4

I have a discriminated union that looks like so:

type Union = {
    // This is important! The value to discriminate over can itself be a union!
    type: "foo" | "bar"
} | {
    type: "baz"
} | {
    type: "quux"
}

I would like to extend the type that extends type: "baz" with an additional property, for example value: string so that the final result is similar to this:

type ExtendedUnion = Extend<{
    "baz": { value: string }
}> /* {
    type: "foo" | "bar"
} | {
    type: "bar"
} | {
    type: "baz"
    value: string
} */

The exact signature of Extend is not important at all, that is just an example, but if it can extend several types in the union at the same time that would be very useful.

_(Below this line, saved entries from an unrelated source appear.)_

Lemma linkage_shortcut p1 z p2 p3 ws :
  linkage ((p1 ++ z :: p2 ++ z :: p3) :: ws) -> linkage ((p1 ++ z :: p3) :: ws).
Proof.
move=> link_ws; have [/andP[_ sorted_w] _ _ _ _] := linkage_cons link_ws.
have sorted_p1 : sorted e (rcons p1 z).
  by move: sorted_w; rewrite sorted_cat_cons => /andP[].
have path_p3 : path e z p3.
  by move: sorted_w; rewrite -cat_cons catA sorted_cat_cons => /andP[].
apply: (linkage_replace1 link_ws).
- by rewrite /walk sorted_cat_cons sorted_p1 path_p3 -size_eq0 size_cat addnS.
- by rewrite !head_cat_cons.
- by rewrite -cat_cons catA !last_cat_cons.
Qed.

Lemma linkage_uncross p1 x y p2 q1 q2 ws :
  linkage ((p1 ++ x :: y :: p2) :: (q1 ++ x :: y :: q2) :: ws) ->
  linkage ((p1 ++ x :: rev q1) :: (rev p2 ++ y :: q2) :: ws).
Proof.
move=> link_ws.
have [/andP[_ sorted1] _ _ _ /linkage_cons[/andP[_ sorted2] _ _ _ _]] := linkage_cons link_ws.
move: sorted1 sorted2; rewrite !sorted_cat_cons => /andP[sorted_p1 /andP[_ path_p2]].
case/andP=> sorted_q1 /andP[_ path_q2].
apply: (linkage_replace2 link_ws).
- rewrite /walk sorted_cat_cons sorted_p1 -size_eq0 size_cat addnS /=.
  by rewrite -[path _ _ _]/(sorted e (x :: rev q1)) -rev_rcons sorted_rev_sym.
- rewrite /walk -size_eq0 size_cat addnS sorted_cat_cons -rev_cons sorted_rev_sym.
  by apply/and3P.
- rewrite !head_cat_cons !last_cat_cons head_rev last_rev perm_cons.
  by apply/permPl; apply: (perm_catCA [:: _] [:: _] [:: _]).
Qed.

Lemma pairing_walks (s : seq V) : {in s &, forall x y, connect e x y} -> uniq s ->
  exists ws, [/\ all walk ws, uniq (walk_ends ws), {subset walk_ends ws <= s}
               & size ws = (size s)./2].
Proof.
have [n] := ubnP (size s); elim: n s => // n IH [|a [|b s]] /= lt_s conn_s uniq_s;
  try by exists [::].
case/and3P: uniq_s; rewrite inE negb_or => /andP[ne_ab a_s] b_s uniq_s.
have conn_s' : {in s &, forall x y, connect e x y}.
  by move=> x y x_s y_s; apply: conn_s; rewrite !inE ?x_s ?y_s !orbT.
have [ws [walk_ws uniq_ws sub_ws size_ws]] := IH s ltac:(lia) conn_s' uniq_s.
have /connectP[p path_p last_p] : connect e a b by apply: conn_s; rewrite !inE eqxx ?orbT.
exists ((a :: p) :: ws); split; rewrite /walk_ends /= -/(walk_ends ws) -?last_p.
- by rewrite walk_ws andbT.
- rewrite inE negb_or ne_ab uniq_ws.
  by rewrite (contra (@sub_ws a) a_s) (contra (@sub_ws b) b_s).
- by move=> z; rewrite !inE => /or3P[-> | -> | /sub_ws->]; rewrite ?orbT.
- by rewrite size_ws.
Qed.

Lemma linkage_exists : {in S &, forall x y, connect e x y} ->
  exists ws, linkage ws /\ size ws = #|S|./2.
Proof.
move=> conn_S.
have conn_enum : {in enum S &, forall x y, connect e x y}.
  by move=> x y; rewrite !mem_enum; apply: conn_S.
have [ws [walk_ws uniq_ws sub_ws size_ws]] := pairing_walks conn_enum (enum_uniq S).
exists ws; rewrite /linkage walk_ws uniq_ws size_ws -cardE; split => //.
by apply/allP => v /sub_ws; rewrite mem_enum.
Qed.

Definition min_linkage ws := linkage ws /\
  forall ws', linkage ws' -> size ws' = size ws -> total_length ws <= total_length ws'.

Lemma min_linkage_exists ws0 : linkage ws0 ->
  exists ws, min_linkage ws /\ size ws = size ws0.
Proof.
have [n] := ubnP (total_length ws0); elim: n ws0 => // n IH ws0 lt_ws0 link_ws0.
have [[ws [link_ws size_ws lt_ws]] | no_shorter] := classic
  (exists ws, [/\ linkage ws, size ws = size ws0 & total_length ws < total_length ws0]).
  have [ws' [min_ws' size_ws']] := IH ws ltac:(lia) link_ws.
  by exists ws'; rewrite size_ws' size_ws.
exists ws0; do 2!split => //; move=> ws link_ws size_ws; rewrite leqNgt.
by apply/negP => lt_ws; apply: no_shorter; exists ws.
Qed.

Lemma min_linkage_perm ws ws' : perm_eq ws ws' -> min_linkage ws -> min_linkage ws'.
Proof.
move=> perm_ws [link_ws min_ws]; split; first by rewrite -(linkage_perm perm_ws).
move=> ws'' link'' size''; rewrite -(total_length_perm perm_ws).
by apply: min_ws; rewrite // size'' (perm_size perm_ws).
Qed.

Lemma min_linkage_uniq w ws : min_linkage (w :: ws) -> uniq w.
Proof.
case=> link_ws min_ws; apply/negPn/negP => /not_uniq_split[p1 [z [p2 [p3 Ew]]]].
rewrite Ew in link_ws min_ws; have := min_ws _ (linkage_shortcut link_ws) erefl.
by rewrite /total_length /= !size_cat /= size_cat /=; lia.
Qed.

Lemma min_linkage_rev2 w1 w2 ws :
  min_linkage (w1 :: w2 :: ws) -> min_linkage (w1 :: rev w2 :: ws).
Proof.
case=> link_ws min_ws; split; first exact: linkage_rev2.
by rewrite /total_length /= size_rev; apply: min_ws.
Qed.

Lemma min_linkage_no_common_edge p1 x y p2 q1 q2 ws :
  ~ min_linkage ((p1 ++ x :: y :: p2) :: (q1 ++ x :: y :: q2) :: ws).
Proof.
case=> link_ws min_ws; have := min_ws _ (linkage_uncross link_ws) erefl.
by rewrite /total_length /= !size_cat /= !size_rev; lia.
Qed.

Definition apex_cycle (w : seq V) : seq (option V) := None :: map Some w.

Lemma apex_cycle_is_cycle w : walk w -> uniq w -> head x0 w != last x0 w ->
  head x0 w \in S -> last x0 w \in S -> is_cycle (add_apex e S) (apex_cycle w).
Proof.
case: w => // a p /andP[_ path_p] uniq_ap /= ne_al a_S l_S.
apply/and3P; split.
- by case: p ne_al {path_p uniq_ap l_S} => [|? ?]; rewrite /= ?eqxx.
- rewrite /apex_cycle cons_uniq (map_inj_uniq (@Some_inj _)) uniq_ap andbT.
  by apply/mapP => -[].
- by rewrite /= rcons_path path_add_apex_Some last_map; apply/and3P.
Qed.

Lemma mem_cycle_edges_apex_cycle w E : w != [::] ->
  E \in cycle_edges (apex_cycle w) ->
  (exists2 v, v \in [:: head x0 w; last x0 w] & E = [set None; Some v]) \/
  (exists x y, (x, y) \in zip w (behead w) /\ E = [set Some x; Some y]).
Proof.
case: w => // a p _; rewrite /cycle_edges /apex_cycle rot1_cons zip_cons_rcons.
case/mapP => -[u v]; rewrite mem_rcons in_cons => /orP[/eqP[-> ->] -> | ].
  by left; exists (last a p); rewrite ?inE ?eqxx ?orbT // last_map setUC.
rewrite /= in_cons => /orP[/eqP[-> ->] -> | ]; first by left; exists a; rewrite ?inE ?eqxx.
rewrite -map_cons zip_map2 => /mapP[[x y] xy [-> ->] ->].
by right; exists x, y.
Qed.

Lemma min_linkage_edge_disjoint w1 w2 ws :
  min_linkage (w1 :: w2 :: ws) -> edge_disjoint (apex_cycle w1) (apex_cycle w2).
Proof.
move=> min12; have [link12 _] := min12.
have [/andP[ne1 _] _ _ _ /linkage_cons[/andP[ne2 _] _ _ _ _]] := linkage_cons link12.
apply/hasP => -[E /(mem_cycle_edges_apex_cycle ne1) E1 /(mem_cycle_edges_apex_cycle ne2) E2].
case: E1 E2 => [[v v1 ->] | [x [y [xy1 ->]]]] [[v' v2] | [x' [y' [xy2]]]] /set2_inj.
- case=> -[// _ [vv']]; subst v'.
  by rewrite (negbTE (linkage_ends_disjoint link12 v1)) in v2.
- by case=> -[].
- by case=> -[].
have [p1 [p2 Ew1]] := zip_behead_split xy1; rewrite {}Ew1 in min12.
case=> -[[ex] [ey]]; subst x' y'; have [q1 [q2 Ew2]] := zip_behead_split xy2.
  by rewrite Ew2 in min12; apply: min_linkage_no_common_edge min12.
move: min12; rewrite {}Ew2 => /min_linkage_rev2; rewrite rev_cat !rev_cons -!cats1 -!catA.
exact: min_linkage_no_common_edge.
Qed.

Lemma min_linkage_packing ws :
  min_linkage ws -> cycle_packing (add_apex e S) (map apex_cycle ws).
Proof.
move=> min_ws; split.
  apply/allP => _ /mapP[w w_ws ->].
  have min_w := min_linkage_perm (perm_to_rem w_ws) min_ws.
  have [walk_w ne_hl h_S l_S _] := linkage_cons min_w.1.
  exact: apex_cycle_is_cycle (min_linkage_uniq min_w) ne_hl h_S l_S.
move=> i j; rewrite size_map => lt_i lt_j ne_ij; rewrite !(nth_map [::]) //.
have [ws' perm_ws] := perm_eq_nth2 [::] lt_i lt_j ne_ij.
exact: min_linkage_edge_disjoint (min_linkage_perm perm_ws min_ws).
Qed.

End Linkage.

Theorem lemma2p2 (V : finType) (eT : rel V) (S : {set V}) (t : nat) :
  is_tree eT -> #|S| = t -> 1 <= t -> t <= #|V| ->
  phi_is (add_apex eT S) t./2.
Proof.
move=> [[eT_sym _] [V_gt0 [eT_conn eT_acyclic]]] card_S _ _; split.
- have [x0 _] := card_gt0P V_gt0.
  have [ws0 [link_ws0 size_ws0]] := linkage_exists (S := S) x0 (fun x y _ _ => eT_conn x y).
  have [ws [min_ws size_ws]] := min_linkage_exists link_ws0.
  exists [seq apex_cycle w | w <- ws]; split; first exact: (min_linkage_packing eT_sym min_ws).
  by rewrite size_map size_ws size_ws0 card_S.
- move=> cs /(cycle_packing_size eT_acyclic); rewrite card_S => le_cs.
  by rewrite -(doubleK (size cs)) half_leq.
Qed.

In the case where the value is a union, and the parameter is a value of that union (for example, Extend<{ "foo": { value: string } }>) the result should be { type: "foo" | "bar"; value: string }. If the extended type includes both types in the union, e.g. Extend<{ "foo": { value: string }, "bar": { other: number } }> the result should be { type: "foo" | "bar"; value: string; other: number }.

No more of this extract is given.